Brian Butler September 25, 2021

The joy of cruising BBC iplayer is that you can find stuff you either missed, forgot or never knew about. I’ve just hit a Queer purple patch with 3 sets of very different programming that are all stunning – be they fact or fiction.

First off, Against The Law is a hybrid of a dramatisation of a true story interspersed with interviews with Queer men  who recall the period in which it is set -the early 1950’s. Daily Mail journalist Peter Wildeblood ( played sensitively and with great emotion by Daniel Mays ) is in love and having sexual relationships with a young serviceman Edward McNally. But this is 1952 and their activities in the privacy of Peter’s flat are illegal.

We see a later Peter typing up his book of the events and he tells us:” Any man who takes a criminal path should be mindful of the consequences”. In this different time some Queer men viewed the illegality of their sexual activities as exciting , being underground- literally sometimes – avoiding the police. As one of the interviewees reminds us – if you were arrested for such so-called indecent acts, your name and address was revealed to the newspapers and you were almost certain to be fired from your job.

Peter’s story is quite complex but suffice it to say that his serviceman lover, to avoid imprisonment, implicates Peter as well as Lord Montagu of Beaulieu. Evidence is embellished or invented and the result is prison. If incarceration and public disgrace were not enough, the authorities offered aversion therapy. Peter tells us: “ All the things that defined me as a man evaporated. I couldn’t be who I was so I had nothing- it destroyed my personality”.
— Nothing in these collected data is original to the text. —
Lemma transversal_tower A S Q (T1 T2 : finType) (g1 : T1 -> G) (g2 : T2 -> G) :
  is_subgroup A -> is_subgroup S -> (forall x, Q x -> S x) ->
  transversal A S g1 -> transversal (fun x => A x /\ S x) Q g2 ->
  transversal A Q (fun p : T1 * T2 => g1 p.1 + g2 p.2).
Proof.
move=> sA sS QS [Ag1 g1S cov1] [ASg2 g2Q cov2]; split.
- by move=> [t1 t2]; apply: subgroupD (Ag1 t1) (ASg2 t2).1.
- move=> [t1 t2] [t1' t2'] /= Q12.
  have eq1 : t1 = t1'.
    apply: g1S; have := sS.2 _ _ (QS _ Q12) (sS.2 _ _ (ASg2 t2).2 (ASg2 t2').2).
    by rewrite opprD addrACA addrK.
  rewrite -eq1 in Q12 *; congr (_, _); apply: g2Q.
  by move: Q12; rewrite opprD addrACA subrr add0r.
- move=> x Ax; have [t1 St1] := cov1 x Ax.
  have [t2 Qt2] := cov2 (x - g1 t1) (conj (sA.2 _ _ Ax (Ag1 t1)) St1).
  by exists (t1, t2); rewrite opprD addrA.
Qed.

Lemma index_mul A S Q (T : finType) (g : T -> G) :
  is_subgroup A -> is_subgroup S -> is_subgroup Q -> (forall x, Q x -> S x) ->
  transversal A Q g ->
  exists k l, [/\ quot_card A S k, quot_card (fun x => A x /\ S x) Q l
                 & #|T| = (k * l)%N].
Proof.
move=> sA sS sQ QS trg; have [Ag _ covg] := trg.
have [k AS_k] : exists k, quot_card A S k.
  by apply: quot_card_of_cover sS Ag _ => a /covg [t Qt]; exists t; apply: QS.
have [g1 tr1] := transversal_quot_card AS_k.
have tr2 := transversal_restrict sS QS trg.
exists k, #|[pred t | `[< S (g t) >]]|; rewrite -card_sig; split=> //.
  exact: quot_card_transversal tr2.
rewrite -[k in (k * _)%N]card_ord -card_prod.
exact: transversal_card sQ trg (transversal_tower sA sS QS tr1 tr2).
Qed.

End Index.

Lemma quot_card_preimage (G1 G2 : zmodType) (f : G1 -> G2) (A S Q : G2 -> Prop)
    (P : G1 -> Prop) k :
  {morph f : x y / x - y} -> is_subgroup Q -> (forall w, A (f w)) ->
  (forall x, S x <-> exists w, Q (x - f w)) -> (forall w, P w <-> Q (f w)) ->
  quot_card (fun x => A x /\ S x) Q k -> quot_card (fun _ => True) P k.
Proof.
move=> fB sQ Af SE PE /transversal_quot_card [g [ASg gQ covg]].
have /all_sig [h Qh] : forall t, {w | Q (g t - f w)}.
  by move=> t; apply: cid; apply/SE; case: (ASg t).
rewrite -[k]card_ord; apply: (@quot_card_transversal _ _ _ _ h); split=> //.
- move=> t t' /PE; rewrite fB => Qhh; apply: gQ.
  apply: (subgroup_trans sQ (Qh t)); apply: (subgroup_trans sQ Qhh).
  exact: (subgroup_sym sQ (Qh t')).
- move=> w _; have [|t Qt] := covg (f w).
    by split=> //; apply/SE; exists w; rewrite subrr; apply: sQ.1.
  by exists t; apply/PE; rewrite fB; apply: (subgroup_trans sQ Qt (Qh t)).
Qed.

Lemma rat_mx_common_denom m p (A : 'M[rat]_(m, p)) :
  exists2 d : nat, (0 < d)%N &
    exists B : 'M[int]_(m, p), map_mx (fun z : int => z%:~R) B = d%:R *: A.
Proof.
pose den q := denq (A q.1 q.2).
exists (\prod_(q : 'I_m * 'I_p) `|den q|)%N.
  by rewrite prodn_gt0 // => q; rewrite absz_gt0 denq_neq0.
exists (\matrix_(k, i) (numq (A k i) * \prod_(q | q != (k, i)) den q)).
have den_abs q : (`|den q|%:R : rat) = (den q)%:~R by rewrite /den -absz_denq.
apply/matrixP => k i; rewrite !mxE intrM numqE rmorph_prod natr_prod.
rewrite [in RHS](bigD1 (k, i)) //= den_abs [RHS]mulrC mulrA; congr (_ * _).
by apply: eq_bigr => q _; rewrite den_abs.
Qed.

Lemma pairingE r (m x : 'rV[int]_r) : pairing m x = (x *m m^T) 0 0.
Proof. by rewrite /pairing !mxE; apply: eq_bigr => j _; rewrite mxE mulrC. Qed.

Section Cone.
Variables (r n : nat) (v : 'I_n -> 'rV[int]_r) (s : {set 'I_n}).

Definition rays_mx : 'M[int]_(n, r) := \matrix_(j, k) (if j \in s then v j 0 k else 0).
Definition raysQ : 'M[rat]_(n, r) := map_mx (fun z : int => z%:~R) rays_mx.

Lemma row_rays_mx j : j \in s -> row j rays_mx = v j.
Proof. by move=> js; apply/rowP => k; rewrite !mxE js. Qed.

Lemma row_raysQ j : row j raysQ = if j \in s then toQ (v j) else 0.
Proof. by apply/rowP => k; rewrite !mxE; case: ifP; rewrite ?mxE. Qed.

Lemma mul_raysQ (u : 'rV[rat]_n) :
  u *m raysQ = \sum_(j < n) (if j \in s then u 0 j else 0) *: toQ (v j).
Proof.
rewrite mulmx_sum_row; apply: eq_bigr => j _.
by rewrite row_raysQ; case: ifP; rewrite ?scale0r ?scaler0.
Qed.

Lemma in_span_submx x : in_span v s x <-> (x <= raysQ)%MS.
Proof.
split=> [[c [c0 ->]] | /submxP [u ->]].
  apply/submxP; exists (\row_j c j); rewrite mul_raysQ; apply: eq_bigr => j _.
  by rewrite mxE; case: ifPn => // /c0 ->.
exists (fun j => if j \in s then u 0 j else 0).
by split=> [j /negPf -> | ]; last exact: mul_raysQ.
Qed.

Lemma lin_indep_mul_raysQ (u : 'rV[rat]_n) : lin_indep v s ->
  u *m raysQ = 0 -> forall i, i \in s -> u 0 i = 0.
Proof.
move=> indep u0 i is_; rewrite mul_raysQ in u0.
have := indep (fun j => if j \in s then u 0 j else 0) _ u0 i.
by rewrite is_; apply=> j /negPf ->.
Qed.

Lemma pinv_raysQ_dual j i : lin_indep v s -> j \in s -> i \in s ->
  (toQ (v j) *m pinvmx raysQ) 0 i = (i == j)%:R.
Proof.
move=> indep js is_.
have vj_sub : (toQ (v j) <= raysQ)%MS by have := row_sub j raysQ; rewrite row_raysQ js.
set c := toQ (v j) *m pinvmx raysQ.
have c0 : (c - delta_mx 0 j) *m raysQ = 0.
  by rewrite mulmxBl mulmxKpV // -rowE row_raysQ js subrr.
have := lin_indep_mul_raysQ indep c0 is_.
by rewrite !mxE eqxx /= eq_sym => /subr0_eq.
Qed.

Lemma int_dual_basis : lin_indep v s ->
  exists2 d : nat, (0 < d)%N & exists M : 'M[int]_(r, n),
    forall j i, j \in s -> i \in s -> (v j *m M) 0 i = if i == j then d%:Z else 0.
Proof.
move=> indep; have [d d_gt0 [M eM]] := rat_mx_common_denom (pinvmx raysQ).
exists d => //; exists M => j i js is_; apply: (@intr_inj rat).
have := congr1 (fun A => (toQ (v j) *m A) 0 i) eM.
rewrite /= -map_mxM -scalemxAr [in X in X -> _]mxE [X in _ = X -> _]mxE.
rewrite pinv_raysQ_dual // => ->.
by case: eqP; rewrite ?mulr1 ?mulr0.
Qed.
Peter Wildeblood was the only openly Queer man to give evidence to the Wolfenden Inquiry,which in 1957 recommended that homosexual acts between two men in private be de-criminalised. It took the Government 10 years to agree. It’s a gripping watch and shows that though things are far from perfect in 2021 , just how far we have come.

In 2017, to mark the 50th anniversary of the Sexual Offences Act, Mark Gatiss directed and  produced a series of 8 monologues which show the joy, angst, fear and guilt of Queer life.

Entitled Queers, it’s available again now and it’s stunning television, featuring Ben Wishaw, Alan Cumming, Rebecca Front and Ian Gelder to name only 4. The stories told to camera are all set in the same pub, which looked to me remarkably like the wonderful Salisbury in the heart of Theatreland.

Ben Wishaw is a soldier home from the front in World War I with a touching tale of a Queer romance that might have been. Fionn Whitehead is a protestor on the night of the vote that might have equalised the age of consent for same-sex activities to 16, but didn’t.

Russell Tovey is an actor who just wants to play the roles he was meant for, and Rebecca Front is the wife of a closeted Gay man, coming to terms wonderfully with the arrangement. Ian Gelder is an outrageously camp tailor recounting his sexual adventures during the blackout in World War II. Kadiff Kirwan is a West Indes immigrant caught up in the jazz life of Soho in the same period and a shocking life-changing incident.

Gemma Whelan  is Bobby, a woman who likes to take risks by dressing as a man – a life that risks everything when Bobby gets entangled with women who want sex. And finally Alan Cumming is the nervous bridegroom preparing his speech for his Queer wedding reception.

They are all gems of dramas , touching, heart-warming and educational.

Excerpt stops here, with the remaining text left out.